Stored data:
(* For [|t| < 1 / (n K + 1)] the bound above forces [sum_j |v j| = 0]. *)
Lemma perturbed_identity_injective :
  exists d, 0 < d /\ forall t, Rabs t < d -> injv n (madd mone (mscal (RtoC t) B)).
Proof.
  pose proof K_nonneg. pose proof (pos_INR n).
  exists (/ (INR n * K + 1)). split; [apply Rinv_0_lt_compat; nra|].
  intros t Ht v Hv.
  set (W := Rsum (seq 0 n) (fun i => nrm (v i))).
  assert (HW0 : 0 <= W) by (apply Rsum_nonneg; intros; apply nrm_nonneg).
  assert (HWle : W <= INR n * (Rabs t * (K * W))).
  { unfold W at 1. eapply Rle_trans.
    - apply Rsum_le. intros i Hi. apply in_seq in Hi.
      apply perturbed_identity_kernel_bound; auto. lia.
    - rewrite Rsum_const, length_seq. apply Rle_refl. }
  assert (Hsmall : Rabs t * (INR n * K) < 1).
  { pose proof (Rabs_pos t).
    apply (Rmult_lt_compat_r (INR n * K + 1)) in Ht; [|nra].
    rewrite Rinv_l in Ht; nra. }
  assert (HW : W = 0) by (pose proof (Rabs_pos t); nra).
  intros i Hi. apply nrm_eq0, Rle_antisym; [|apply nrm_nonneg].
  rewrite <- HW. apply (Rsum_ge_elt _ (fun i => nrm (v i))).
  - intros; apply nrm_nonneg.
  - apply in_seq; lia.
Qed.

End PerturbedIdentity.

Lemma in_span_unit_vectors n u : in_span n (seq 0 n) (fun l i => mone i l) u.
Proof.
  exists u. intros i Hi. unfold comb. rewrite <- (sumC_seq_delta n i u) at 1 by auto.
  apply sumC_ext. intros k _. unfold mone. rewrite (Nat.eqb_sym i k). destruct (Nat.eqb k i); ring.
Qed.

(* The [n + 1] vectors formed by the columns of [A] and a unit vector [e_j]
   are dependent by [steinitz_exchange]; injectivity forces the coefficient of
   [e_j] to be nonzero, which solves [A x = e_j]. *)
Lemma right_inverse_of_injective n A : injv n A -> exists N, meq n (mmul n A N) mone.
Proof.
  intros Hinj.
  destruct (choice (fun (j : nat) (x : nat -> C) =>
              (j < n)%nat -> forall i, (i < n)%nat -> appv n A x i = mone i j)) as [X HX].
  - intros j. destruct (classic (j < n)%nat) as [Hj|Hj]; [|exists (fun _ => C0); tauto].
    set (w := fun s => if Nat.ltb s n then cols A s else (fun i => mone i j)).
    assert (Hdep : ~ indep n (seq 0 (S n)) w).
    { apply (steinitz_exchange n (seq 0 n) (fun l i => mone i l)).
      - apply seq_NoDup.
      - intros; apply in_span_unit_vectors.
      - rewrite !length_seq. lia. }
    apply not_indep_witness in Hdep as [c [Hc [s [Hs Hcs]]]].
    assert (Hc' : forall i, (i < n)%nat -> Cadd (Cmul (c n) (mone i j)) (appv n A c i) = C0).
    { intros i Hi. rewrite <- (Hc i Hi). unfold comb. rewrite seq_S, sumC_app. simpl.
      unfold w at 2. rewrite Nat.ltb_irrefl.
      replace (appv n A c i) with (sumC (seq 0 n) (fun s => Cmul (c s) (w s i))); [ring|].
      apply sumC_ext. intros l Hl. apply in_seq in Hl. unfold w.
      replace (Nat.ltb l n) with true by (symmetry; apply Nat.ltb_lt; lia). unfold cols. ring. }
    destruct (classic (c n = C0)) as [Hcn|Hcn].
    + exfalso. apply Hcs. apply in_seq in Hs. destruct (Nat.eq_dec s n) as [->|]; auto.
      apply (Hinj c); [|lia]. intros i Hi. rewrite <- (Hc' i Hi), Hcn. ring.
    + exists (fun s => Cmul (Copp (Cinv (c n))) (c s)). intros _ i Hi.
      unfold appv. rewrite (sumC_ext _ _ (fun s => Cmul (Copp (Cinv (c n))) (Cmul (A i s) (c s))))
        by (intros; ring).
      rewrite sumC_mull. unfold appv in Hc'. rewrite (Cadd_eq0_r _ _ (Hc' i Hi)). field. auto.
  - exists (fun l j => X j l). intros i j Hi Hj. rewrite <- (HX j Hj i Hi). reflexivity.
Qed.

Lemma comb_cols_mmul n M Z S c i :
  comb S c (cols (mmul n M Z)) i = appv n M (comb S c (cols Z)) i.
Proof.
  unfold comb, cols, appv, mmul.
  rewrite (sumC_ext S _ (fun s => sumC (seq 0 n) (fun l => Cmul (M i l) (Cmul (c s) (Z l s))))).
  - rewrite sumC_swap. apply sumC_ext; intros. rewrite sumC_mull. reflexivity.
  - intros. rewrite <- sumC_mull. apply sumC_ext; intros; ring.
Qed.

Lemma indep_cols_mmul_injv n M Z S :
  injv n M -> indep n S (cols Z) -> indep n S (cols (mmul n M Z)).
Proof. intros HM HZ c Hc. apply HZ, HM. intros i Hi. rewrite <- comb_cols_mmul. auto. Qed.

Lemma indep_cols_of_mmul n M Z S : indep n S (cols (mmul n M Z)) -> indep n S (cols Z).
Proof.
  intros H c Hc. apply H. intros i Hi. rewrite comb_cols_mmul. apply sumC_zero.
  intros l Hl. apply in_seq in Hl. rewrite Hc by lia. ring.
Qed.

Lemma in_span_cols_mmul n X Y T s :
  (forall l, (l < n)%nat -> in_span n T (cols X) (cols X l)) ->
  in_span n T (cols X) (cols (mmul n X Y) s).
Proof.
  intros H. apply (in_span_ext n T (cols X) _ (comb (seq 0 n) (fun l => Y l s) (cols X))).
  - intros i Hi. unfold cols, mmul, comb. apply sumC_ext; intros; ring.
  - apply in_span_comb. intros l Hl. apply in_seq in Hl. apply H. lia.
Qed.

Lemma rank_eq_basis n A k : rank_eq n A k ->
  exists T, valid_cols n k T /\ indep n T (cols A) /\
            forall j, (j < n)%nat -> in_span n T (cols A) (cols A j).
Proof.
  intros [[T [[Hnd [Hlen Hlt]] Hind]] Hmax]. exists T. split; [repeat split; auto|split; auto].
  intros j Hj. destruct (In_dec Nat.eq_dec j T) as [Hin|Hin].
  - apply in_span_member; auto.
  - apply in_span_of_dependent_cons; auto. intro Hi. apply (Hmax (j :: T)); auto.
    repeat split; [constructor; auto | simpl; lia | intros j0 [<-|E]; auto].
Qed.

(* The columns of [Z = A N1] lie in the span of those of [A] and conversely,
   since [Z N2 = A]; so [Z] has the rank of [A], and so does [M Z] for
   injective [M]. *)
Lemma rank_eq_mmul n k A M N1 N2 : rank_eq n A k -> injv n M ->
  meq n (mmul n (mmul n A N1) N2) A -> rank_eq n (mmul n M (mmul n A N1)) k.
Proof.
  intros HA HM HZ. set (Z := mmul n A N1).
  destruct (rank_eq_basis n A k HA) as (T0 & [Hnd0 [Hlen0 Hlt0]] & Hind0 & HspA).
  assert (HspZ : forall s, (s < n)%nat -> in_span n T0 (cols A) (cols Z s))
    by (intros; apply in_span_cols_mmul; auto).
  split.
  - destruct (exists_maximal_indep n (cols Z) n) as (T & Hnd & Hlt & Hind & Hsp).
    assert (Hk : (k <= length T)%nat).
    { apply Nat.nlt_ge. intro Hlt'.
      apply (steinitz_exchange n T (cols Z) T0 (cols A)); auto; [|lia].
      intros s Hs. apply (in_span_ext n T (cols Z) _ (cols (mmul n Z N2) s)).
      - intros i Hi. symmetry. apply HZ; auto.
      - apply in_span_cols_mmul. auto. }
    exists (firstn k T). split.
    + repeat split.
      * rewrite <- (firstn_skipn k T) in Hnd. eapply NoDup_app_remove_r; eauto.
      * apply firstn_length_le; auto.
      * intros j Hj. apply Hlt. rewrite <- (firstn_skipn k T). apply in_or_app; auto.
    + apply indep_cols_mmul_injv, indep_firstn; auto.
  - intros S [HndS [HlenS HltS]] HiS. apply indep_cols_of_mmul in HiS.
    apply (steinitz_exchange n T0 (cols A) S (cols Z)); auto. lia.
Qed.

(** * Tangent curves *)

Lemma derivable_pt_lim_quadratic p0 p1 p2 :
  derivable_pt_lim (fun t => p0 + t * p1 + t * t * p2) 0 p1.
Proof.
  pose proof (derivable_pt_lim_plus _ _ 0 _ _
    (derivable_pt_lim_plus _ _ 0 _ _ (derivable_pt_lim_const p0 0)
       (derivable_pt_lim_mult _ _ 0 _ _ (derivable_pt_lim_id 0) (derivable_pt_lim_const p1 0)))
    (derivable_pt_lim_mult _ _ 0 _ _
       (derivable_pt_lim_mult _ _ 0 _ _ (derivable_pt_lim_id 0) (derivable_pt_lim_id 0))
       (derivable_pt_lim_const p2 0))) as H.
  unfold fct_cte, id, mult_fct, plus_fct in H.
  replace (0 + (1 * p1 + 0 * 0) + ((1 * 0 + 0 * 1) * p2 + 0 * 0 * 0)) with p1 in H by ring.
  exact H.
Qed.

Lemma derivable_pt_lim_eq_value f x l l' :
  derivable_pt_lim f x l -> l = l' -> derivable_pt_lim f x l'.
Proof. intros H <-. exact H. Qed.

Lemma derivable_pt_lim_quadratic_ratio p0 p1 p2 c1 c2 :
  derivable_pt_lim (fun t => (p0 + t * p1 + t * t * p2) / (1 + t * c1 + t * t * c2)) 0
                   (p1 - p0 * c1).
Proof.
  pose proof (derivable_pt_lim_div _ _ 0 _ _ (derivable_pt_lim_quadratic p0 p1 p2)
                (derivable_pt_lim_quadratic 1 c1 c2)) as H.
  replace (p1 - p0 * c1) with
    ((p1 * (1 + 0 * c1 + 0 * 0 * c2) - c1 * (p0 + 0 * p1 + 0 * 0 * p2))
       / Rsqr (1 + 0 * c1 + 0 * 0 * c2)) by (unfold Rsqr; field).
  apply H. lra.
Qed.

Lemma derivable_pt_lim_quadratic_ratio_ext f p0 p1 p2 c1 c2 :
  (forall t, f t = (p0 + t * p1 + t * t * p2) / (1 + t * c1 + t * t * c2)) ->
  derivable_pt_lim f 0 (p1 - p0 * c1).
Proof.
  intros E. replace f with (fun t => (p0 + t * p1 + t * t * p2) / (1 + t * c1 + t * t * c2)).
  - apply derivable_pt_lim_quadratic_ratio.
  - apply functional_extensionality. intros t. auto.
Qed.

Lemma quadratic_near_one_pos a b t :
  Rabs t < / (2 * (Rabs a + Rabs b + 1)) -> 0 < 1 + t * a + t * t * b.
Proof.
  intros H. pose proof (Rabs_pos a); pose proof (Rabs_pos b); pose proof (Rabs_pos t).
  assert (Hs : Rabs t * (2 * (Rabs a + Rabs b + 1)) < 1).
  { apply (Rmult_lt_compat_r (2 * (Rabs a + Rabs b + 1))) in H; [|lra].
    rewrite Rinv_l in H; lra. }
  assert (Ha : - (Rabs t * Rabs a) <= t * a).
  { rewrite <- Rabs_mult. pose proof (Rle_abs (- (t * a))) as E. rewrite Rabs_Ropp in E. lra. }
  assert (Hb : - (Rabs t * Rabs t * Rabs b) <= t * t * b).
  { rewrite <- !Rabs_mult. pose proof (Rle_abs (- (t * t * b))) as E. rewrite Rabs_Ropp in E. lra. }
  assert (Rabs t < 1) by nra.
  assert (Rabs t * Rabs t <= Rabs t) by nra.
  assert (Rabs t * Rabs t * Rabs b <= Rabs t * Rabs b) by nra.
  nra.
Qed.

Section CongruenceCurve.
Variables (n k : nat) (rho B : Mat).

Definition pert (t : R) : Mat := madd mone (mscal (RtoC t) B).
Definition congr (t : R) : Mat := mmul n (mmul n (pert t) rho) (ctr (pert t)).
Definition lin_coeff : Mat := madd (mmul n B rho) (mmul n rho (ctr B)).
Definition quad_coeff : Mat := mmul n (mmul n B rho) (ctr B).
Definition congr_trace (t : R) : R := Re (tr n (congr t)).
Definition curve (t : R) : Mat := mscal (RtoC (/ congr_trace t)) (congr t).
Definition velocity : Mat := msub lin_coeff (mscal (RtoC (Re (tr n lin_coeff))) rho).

---

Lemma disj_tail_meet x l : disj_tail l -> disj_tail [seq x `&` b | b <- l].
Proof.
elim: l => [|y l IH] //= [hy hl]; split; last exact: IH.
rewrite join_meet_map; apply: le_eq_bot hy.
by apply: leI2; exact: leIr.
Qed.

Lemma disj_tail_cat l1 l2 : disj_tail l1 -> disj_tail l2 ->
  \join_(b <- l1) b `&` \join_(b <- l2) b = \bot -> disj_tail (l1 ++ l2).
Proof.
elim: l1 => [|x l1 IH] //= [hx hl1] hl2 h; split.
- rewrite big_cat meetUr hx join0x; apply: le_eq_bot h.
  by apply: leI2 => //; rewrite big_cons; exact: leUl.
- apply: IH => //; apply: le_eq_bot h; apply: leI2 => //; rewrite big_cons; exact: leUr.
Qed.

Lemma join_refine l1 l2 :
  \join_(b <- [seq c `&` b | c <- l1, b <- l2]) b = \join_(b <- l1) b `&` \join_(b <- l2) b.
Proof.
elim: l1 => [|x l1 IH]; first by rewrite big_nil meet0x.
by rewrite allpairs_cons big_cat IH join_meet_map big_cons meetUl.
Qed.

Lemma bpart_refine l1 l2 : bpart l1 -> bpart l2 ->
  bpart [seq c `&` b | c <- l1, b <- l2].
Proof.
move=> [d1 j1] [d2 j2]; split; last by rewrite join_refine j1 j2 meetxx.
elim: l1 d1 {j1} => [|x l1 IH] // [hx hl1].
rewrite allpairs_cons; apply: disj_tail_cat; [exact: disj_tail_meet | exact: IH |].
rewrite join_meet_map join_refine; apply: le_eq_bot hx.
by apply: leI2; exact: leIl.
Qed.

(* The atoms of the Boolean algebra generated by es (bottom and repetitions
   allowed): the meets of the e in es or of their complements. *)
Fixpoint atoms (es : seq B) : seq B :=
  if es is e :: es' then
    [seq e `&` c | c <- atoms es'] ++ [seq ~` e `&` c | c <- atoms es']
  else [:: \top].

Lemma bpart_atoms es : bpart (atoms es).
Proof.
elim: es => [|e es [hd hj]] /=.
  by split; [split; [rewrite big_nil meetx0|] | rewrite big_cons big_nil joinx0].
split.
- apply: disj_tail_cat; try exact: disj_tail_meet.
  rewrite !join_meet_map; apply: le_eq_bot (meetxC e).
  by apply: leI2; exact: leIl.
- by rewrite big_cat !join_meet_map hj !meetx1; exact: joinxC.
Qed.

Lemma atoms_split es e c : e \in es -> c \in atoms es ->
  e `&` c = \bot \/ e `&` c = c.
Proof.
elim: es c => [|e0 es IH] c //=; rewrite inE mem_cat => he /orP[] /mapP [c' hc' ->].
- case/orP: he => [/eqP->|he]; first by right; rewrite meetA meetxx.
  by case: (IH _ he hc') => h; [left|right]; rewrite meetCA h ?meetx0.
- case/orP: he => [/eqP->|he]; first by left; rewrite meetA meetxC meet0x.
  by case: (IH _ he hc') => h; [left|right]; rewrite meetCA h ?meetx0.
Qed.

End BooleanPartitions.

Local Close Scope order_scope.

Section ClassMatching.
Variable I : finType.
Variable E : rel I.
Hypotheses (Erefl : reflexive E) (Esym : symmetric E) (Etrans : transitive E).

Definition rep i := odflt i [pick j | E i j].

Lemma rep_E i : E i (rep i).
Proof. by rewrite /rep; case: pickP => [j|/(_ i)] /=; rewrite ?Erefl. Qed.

--

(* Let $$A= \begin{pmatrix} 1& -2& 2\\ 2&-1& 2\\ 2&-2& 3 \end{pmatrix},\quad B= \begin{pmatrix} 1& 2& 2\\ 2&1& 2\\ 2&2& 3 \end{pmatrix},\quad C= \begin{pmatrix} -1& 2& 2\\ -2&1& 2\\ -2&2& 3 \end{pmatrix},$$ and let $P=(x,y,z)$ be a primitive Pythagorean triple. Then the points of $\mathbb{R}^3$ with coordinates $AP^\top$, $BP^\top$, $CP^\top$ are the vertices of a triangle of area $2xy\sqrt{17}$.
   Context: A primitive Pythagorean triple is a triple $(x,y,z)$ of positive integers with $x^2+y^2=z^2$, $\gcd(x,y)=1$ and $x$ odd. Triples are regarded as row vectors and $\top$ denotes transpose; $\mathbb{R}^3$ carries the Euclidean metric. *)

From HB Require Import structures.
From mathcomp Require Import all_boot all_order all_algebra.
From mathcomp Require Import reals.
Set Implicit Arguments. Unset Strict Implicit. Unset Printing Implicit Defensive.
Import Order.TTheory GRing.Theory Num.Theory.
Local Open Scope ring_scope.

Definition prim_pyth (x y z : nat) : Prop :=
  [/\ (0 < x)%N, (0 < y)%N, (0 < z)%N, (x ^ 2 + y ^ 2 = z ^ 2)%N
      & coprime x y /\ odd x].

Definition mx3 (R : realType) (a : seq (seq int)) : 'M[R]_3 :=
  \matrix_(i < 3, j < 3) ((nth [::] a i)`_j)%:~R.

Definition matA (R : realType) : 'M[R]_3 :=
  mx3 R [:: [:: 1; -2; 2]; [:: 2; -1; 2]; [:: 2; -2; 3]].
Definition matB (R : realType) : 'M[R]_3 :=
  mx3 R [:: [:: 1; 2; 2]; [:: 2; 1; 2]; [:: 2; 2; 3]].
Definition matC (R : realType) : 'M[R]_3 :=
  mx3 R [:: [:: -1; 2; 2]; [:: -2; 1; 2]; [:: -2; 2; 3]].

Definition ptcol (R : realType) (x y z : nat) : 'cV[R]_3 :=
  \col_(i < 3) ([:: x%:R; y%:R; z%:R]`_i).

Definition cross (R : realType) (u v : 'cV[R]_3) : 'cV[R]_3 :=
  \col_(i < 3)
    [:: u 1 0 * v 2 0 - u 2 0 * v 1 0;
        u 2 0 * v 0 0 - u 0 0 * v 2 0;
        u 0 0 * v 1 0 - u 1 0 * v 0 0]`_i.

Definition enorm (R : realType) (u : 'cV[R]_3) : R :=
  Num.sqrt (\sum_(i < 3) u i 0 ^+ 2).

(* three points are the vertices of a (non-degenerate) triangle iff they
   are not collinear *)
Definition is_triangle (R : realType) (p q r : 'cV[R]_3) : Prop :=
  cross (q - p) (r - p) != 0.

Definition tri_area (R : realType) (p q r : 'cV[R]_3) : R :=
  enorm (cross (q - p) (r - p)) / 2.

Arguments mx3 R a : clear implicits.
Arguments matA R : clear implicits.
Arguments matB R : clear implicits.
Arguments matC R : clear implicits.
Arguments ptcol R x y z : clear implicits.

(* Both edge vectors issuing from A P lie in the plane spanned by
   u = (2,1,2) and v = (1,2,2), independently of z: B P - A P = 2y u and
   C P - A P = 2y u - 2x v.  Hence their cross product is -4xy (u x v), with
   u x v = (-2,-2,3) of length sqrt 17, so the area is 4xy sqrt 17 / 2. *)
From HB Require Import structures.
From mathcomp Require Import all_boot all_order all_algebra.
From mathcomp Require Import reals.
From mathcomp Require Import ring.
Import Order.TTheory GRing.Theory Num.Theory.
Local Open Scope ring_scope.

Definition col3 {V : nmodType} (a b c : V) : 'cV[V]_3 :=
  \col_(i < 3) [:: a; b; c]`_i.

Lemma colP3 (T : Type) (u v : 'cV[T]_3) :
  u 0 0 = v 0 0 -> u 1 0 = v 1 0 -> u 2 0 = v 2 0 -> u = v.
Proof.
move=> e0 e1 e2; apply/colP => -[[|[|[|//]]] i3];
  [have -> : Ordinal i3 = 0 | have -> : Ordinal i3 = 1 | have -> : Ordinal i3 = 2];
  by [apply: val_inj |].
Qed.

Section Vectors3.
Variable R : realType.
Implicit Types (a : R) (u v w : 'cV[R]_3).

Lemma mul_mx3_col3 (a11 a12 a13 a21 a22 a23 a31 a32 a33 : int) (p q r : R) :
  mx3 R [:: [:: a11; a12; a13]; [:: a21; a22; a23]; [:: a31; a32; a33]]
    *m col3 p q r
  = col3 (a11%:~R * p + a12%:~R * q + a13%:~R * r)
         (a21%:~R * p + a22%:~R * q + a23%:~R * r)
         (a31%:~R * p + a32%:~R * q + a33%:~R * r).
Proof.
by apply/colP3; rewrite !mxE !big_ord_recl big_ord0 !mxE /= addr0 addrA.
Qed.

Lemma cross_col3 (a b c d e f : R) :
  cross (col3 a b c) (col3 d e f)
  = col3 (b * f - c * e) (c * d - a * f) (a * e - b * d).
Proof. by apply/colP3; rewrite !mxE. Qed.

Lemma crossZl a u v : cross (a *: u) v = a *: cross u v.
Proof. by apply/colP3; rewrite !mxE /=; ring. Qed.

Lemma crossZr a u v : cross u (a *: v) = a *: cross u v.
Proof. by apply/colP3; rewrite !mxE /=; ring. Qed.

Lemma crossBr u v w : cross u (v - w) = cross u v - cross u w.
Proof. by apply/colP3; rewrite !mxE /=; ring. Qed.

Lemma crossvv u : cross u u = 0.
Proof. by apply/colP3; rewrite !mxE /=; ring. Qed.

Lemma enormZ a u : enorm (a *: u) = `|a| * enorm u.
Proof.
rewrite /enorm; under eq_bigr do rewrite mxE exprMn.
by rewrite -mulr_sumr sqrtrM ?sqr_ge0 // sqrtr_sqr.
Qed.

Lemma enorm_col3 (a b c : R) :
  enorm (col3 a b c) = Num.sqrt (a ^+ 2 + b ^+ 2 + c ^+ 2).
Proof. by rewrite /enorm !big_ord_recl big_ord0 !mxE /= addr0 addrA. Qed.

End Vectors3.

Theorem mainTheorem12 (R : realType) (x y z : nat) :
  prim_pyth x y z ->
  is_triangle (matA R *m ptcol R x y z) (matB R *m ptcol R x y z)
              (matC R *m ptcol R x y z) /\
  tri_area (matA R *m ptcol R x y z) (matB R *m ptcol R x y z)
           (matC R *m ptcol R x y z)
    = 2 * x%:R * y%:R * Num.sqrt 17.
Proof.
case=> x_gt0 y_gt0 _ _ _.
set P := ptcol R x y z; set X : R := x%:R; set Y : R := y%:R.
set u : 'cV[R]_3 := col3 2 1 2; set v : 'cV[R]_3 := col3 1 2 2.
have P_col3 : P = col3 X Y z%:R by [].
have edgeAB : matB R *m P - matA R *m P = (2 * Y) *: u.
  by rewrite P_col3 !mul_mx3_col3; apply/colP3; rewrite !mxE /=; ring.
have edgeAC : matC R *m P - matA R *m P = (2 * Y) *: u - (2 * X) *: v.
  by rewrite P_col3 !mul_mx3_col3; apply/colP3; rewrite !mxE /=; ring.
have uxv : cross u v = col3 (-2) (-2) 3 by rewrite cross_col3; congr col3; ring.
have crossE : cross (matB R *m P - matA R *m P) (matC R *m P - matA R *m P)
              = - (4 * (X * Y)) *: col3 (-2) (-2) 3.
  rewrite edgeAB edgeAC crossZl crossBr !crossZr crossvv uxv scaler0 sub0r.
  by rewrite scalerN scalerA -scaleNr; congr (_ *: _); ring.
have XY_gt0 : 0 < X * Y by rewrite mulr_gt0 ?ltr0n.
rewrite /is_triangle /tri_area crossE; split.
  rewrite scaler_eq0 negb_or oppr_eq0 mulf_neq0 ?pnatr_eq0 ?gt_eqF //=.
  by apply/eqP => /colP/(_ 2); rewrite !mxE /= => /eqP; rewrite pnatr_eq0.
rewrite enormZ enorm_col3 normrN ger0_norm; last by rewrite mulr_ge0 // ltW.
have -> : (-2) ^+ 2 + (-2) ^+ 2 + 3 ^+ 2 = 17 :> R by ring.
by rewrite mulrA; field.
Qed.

### Work order
Would you please copy exactly the part of the entries above that begins at the line containing "Definition matB (R" and ends at the line containing "Definition tri_area (R", both lines included?

### Solution to this problem
Definition matB (R : realType) : 'M[R]_3 :=
  mx3 R [:: [:: 1; 2; 2]; [:: 2; 1; 2]; [:: 2; 2; 3]].
Definition matC (R : realType) : 'M[R]_3 :=
  mx3 R [:: [:: -1; 2; 2]; [:: -2; 1; 2]; [:: -2; 2; 3]].

Definition ptcol (R : realType) (x y z : nat) : 'cV[R]_3 :=
  \col_(i < 3) ([:: x%:R; y%:R; z%:R]`_i).

Definition cross (R : realType) (u v : 'cV[R]_3) : 'cV[R]_3 :=
  \col_(i < 3)
    [:: u 1 0 * v 2 0 - u 2 0 * v 1 0;
        u 2 0 * v 0 0 - u 0 0 * v 2 0;
        u 0 0 * v 1 0 - u 1 0 * v 0 0]`_i.

Definition enorm (R : realType) (u : 'cV[R]_3) : R :=
  Num.sqrt (\sum_(i < 3) u i 0 ^+ 2).

(* three points are the vertices of a (non-degenerate) triangle iff they
   are not collinear *)
Definition is_triangle (R : realType) (p q r : 'cV[R]_3) : Prop :=
  cross (q - p) (r - p) != 0.

Definition tri_area (R : realType) (p q r : 'cV[R]_3) : R :=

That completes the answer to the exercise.